The A/V subsystem 15 can also be used as an input device (e.g., in a video phone application). A camera 28 is provided coupled to a video capture component 29 which supplies frames of uncompressed data to video data packet handler 20 at a rate of approximately 30 frames per second. As stated above, the video data packet handler 20 includes a codec and the coder portion of the codec is used to compress the video frame data according to a video compression algorithm. The video data packets generated by the video packet handler 20 are passed to the packet preparation module/payload handler 18 which creates RTP packets for transport to the end-user (e.g. over transmission medium 110 in FIG. 1).
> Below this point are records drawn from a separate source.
(* Let $q$ be a prime power, $\mathbb{F}$ an extension field of $\mathbb{F}_q$, $1\le k\le n$, $\ell\ge1$. Let $C$ be an $[n,k]_{\mathbb{F}}$ code that is $\mathrm{GKP}(\ell)$, with generator matrix $G\in\mathbb{F}^{k\times n}$. Let $V_1,\dots,V_\ell$ be $\mathbb{F}_q$-subspaces of $\mathbb{F}_q^n$, each of dimension at most $k$. Then \[ \dim_{\mathbb{F}}\Big(\bigcap_{i\in[\ell]}G_{V_i}\Big)=\max_{P_1\sqcup\cdots\sqcup P_s=[\ell]}\Big(\sum_{i\in[s]}\dim_{\mathbb{F}_q}\Big(\bigcap_{j\in P_i}V_j\Big)-(s-1)k\Big), \] the maximum being over all partitions of $[\ell]$ into nonempty parts.
   Context: An $[n,k]_{\mathbb{F}}$ code is a $k$-dimensional subspace $C\subseteq\mathbb{F}^n$; $G$ is a generator matrix if $C=\{G^T\bm{u}\}$. For an $\mathbb{F}_q$-subspace $V\subseteq\mathbb{F}_q^n$, $G_V\subseteq\mathbb{F}^k$ is the $\mathbb{F}$-column span of $GA$ for any $A\in\mathbb{F}_q^{n\times\dim V}$ with $\mathbb{F}_q$-column span $V$. $C$ is MRD if every nonzero codeword $\bm{v}$ satisfies $\dim_{\mathbb{F}_q}\mathrm{span}_{\mathbb{F}_q}\{v_1,\dots,v_n\}\ge n-k+1$. A kernel pattern $(V_1,\dots,V_k)$ (subspaces of $\mathbb{F}_q^n$) is generic if $\dim(\bigcap_{i\in\Omega}V_i)\le k-|\Omega|$ for all nonempty $\Omega\subseteq[k]$, and has order $\ell$ if exactly $\ell$ distinct nonzero subspaces occur among them; $C$ attains it if for full-rank $A_i$ with column span $V_i$ there is an invertible $M$ with rows $\bm{m}_i$ and $\bm{m}_iGA_i=0$ for all $i$. $C$ is $\mathrm{GKP}(\ell)$ if it is MRD and attains all generic kernel patterns of order at most $\ell$. *)

From HB Require Import structures.
From mathcomp Require Import all_boot all_order all_algebra.
Set Implicit Arguments. Unset Strict Implicit. Unset Printing Implicit Defensive.
Import Order.TTheory GRing.Theory Num.Theory.
Local Open Scope ring_scope.

Section Codes.
(* K plays the role of F_q (a finite field); F is an extension field of K,
   given through the field embedding iota : K -> F. *)
Variables (K : finFieldType) (F : fieldType) (iota : {rmorphism K -> F}).
Variables (n k : nat).

Definition Fq_indep (S : {set 'I_n}) (v : 'rV[F]_n) : Prop :=
  forall a : 'I_n -> K,
    \sum_(i in S) iota (a i) * v 0 i = 0 -> forall i, i \in S -> a i = 0.

(* dim_{F_q} span_{F_q}{v_1,..,v_n} >= d  iff some d of the entries are
   F_q-linearly independent. *)
Definition Fq_rank_ge (v : 'rV[F]_n) (d : nat) : Prop :=
  exists S : {set 'I_n}, (d <= #|S|)%N /\ Fq_indep S v.

(* The code C = { u G } (row convention) generated by G : 'M_(k,n) is MRD. *)
Definition MRD (G : 'M[F]_(k, n)) : Prop :=
  forall u : 'rV[F]_k, u *m G != 0 -> Fq_rank_ge (u *m G) (n - k + 1).

(* G_V : subspace of F^k spanned by the columns of G A, where the columns of
   A span V; here V (a subspace of F_q^n) is the row space of B, and G_V is
   returned as the row space of (G A)^T = iota(B) G^T. *)
Definition GV (G : 'M[F]_(k, n)) (B : 'M[K]_n) : 'M[F]_(n, k) :=
  map_mx iota B *m G^T.

Definition generic_pattern (V : 'I_k -> 'M[K]_n) : Prop :=
  forall Om : {set 'I_k}, Om != set0 ->
    (\rank (\bigcap_(i in Om) V i)%MS <= k - #|Om|)%N.

Definition pattern_order (V : 'I_k -> 'M[K]_n) : nat :=
  #|[set <<V i>>%MS | i in [set i : 'I_k | V i != 0]]|.

(* C attains the pattern: there is an invertible M with rows m_i such that
   m_i G A_i = 0, where the columns of A_i span V_i (the condition only
   depends on the column span of A_i; we use the rows of V i as spanning
   vectors). *)
Definition attains (G : 'M[F]_(k, n)) (V : 'I_k -> 'M[K]_n) : Prop :=
  exists M : 'M[F]_k, M \in unitmx /\
    forall i : 'I_k, row i M *m G *m (map_mx iota (V i))^T = 0.

Definition GKP (l : nat) (G : 'M[F]_(k, n)) : Prop :=
  MRD G /\
  forall V : 'I_k -> 'M[K]_n,
    generic_pattern V -> (pattern_order V <= l)%N -> attains G V.

End Codes.

Definition partition_value (K : finFieldType) (n k l : nat)
  (V : 'I_l -> 'M[K]_n) (P : {set {set 'I_l}}) : int :=
  (\sum_(B in P) (\rank (\bigcap_(j in B) V j)%MS)%:Z) - (#|P|%:Z - 1) * k%:Z.
Lemma SUB_num a b : beta_conv (App (App SUB (num a)) (num b)) (num (a - b)).
Proof.
  unfold SUB. beta. beta. rewrite num_app.
  apply (iter_invariant (fun k => num (a - k))); [rewrite Nat.sub_0_r; reflexivity|].
  intros k. rewrite PRED_num. f_equiv. f_equal. lia.
Qed.

Definition AND := Lam (Lam (App (App (Var 1) (Var 0)) FALSE)).

Lemma AND_tbool x y : beta_conv (App (App AND (tbool x)) (tbool y)) (tbool (x && y)).
Proof. unfold AND. beta. beta. rewrite tbool_app by solve_closed. destruct x; reflexivity. Qed.

Definition EQN := Lam (Lam (App (App AND (App ISZERO (App (App SUB (Var 1)) (Var 0))))
                               (App ISZERO (App (App SUB (Var 0)) (Var 1))))).

Lemma EQN_num a b : beta_conv (App (App EQN (num a)) (num b)) (tbool (a =? b)).
Proof.
  unfold EQN. beta. beta. rewrite !SUB_num, !ISZERO_num, AND_tbool.
  replace ((a - b =? 0) && (b - a =? 0)) with (a =? b); [reflexivity|].
  destruct (Nat.eqb_spec a b), (Nat.eqb_spec (a - b) 0), (Nat.eqb_spec (b - a) 0); simpl; auto; lia.
Qed.

(** * Register machines *)

Definition exec (X : nat -> bool) (i : instr) (pc : nat) (s : regs) : nat * regs :=
  match i with
  | Inc r => (S pc, upd s r (S (s r)))
  | Dec r j => match s r with 0 => (j, s) | S v => (S pc, upd s r v) end
  | Orc r => (S pc, upd s r (if X (s r) then 1 else 0))
  end.

Definition mstep X (p : prog) (c c' : nat * regs) :=
  exists i, nth_error p (fst c) = Some i /\ c' = exec X i (fst c) (snd c).

Lemma run_S X p fuel pc s : run X p (S fuel) pc s =
  match nth_error p pc with
  | None => Some (s 0)
  | Some i => run X p fuel (fst (exec X i pc s)) (snd (exec X i pc s))
  end.
Proof. simpl. destruct (nth_error p pc) as [[r|r j|r]|]; simpl; auto. destruct (s r); auto. Qed.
Accordingly, a microphone 27 can be provided which supplies input analog audio data to audio rendering device 25. Audio rendering device 25 converts the analog audio signals into digital signals for the audio data packet handler that creates audio data packets for payload handler 18. Payload handler 18 uses the audio data packets to create RTP packets for transport to the end-user.
The A/V subsystem 15 controls the synchronization of the presentation of audio and video data. However data control information other than traditional audio and video data is sent outside of the RTP protocol (if it is sent at all) and is not synchronized with the A/V data streams. It would be desirable to synchronize the presentation of data objects pursuant to data control information for a more complete and accurate presentation of information to an end-user.
According to an embodiment of the present invention, a payload handler is provided adapted to receive a plurality of data packets, each of the data packets including a data payload including either video data or data control information, a first header including a timestamp field, and a data control header identifying a type of data contained in the data payload. A data control filter coupled to the payload handler can receive the data control header and data payload for each of the data packets. The data control filter passes data payloads including data control information to a data handler and data payloads including video data to a video data packet handler. The data control information includes a command in an action identifier field which is executed by the data handler. The payload handler synchronizes a transfer of the video data and data control information to the data control filter based on information in the timestamp field of the data packet header.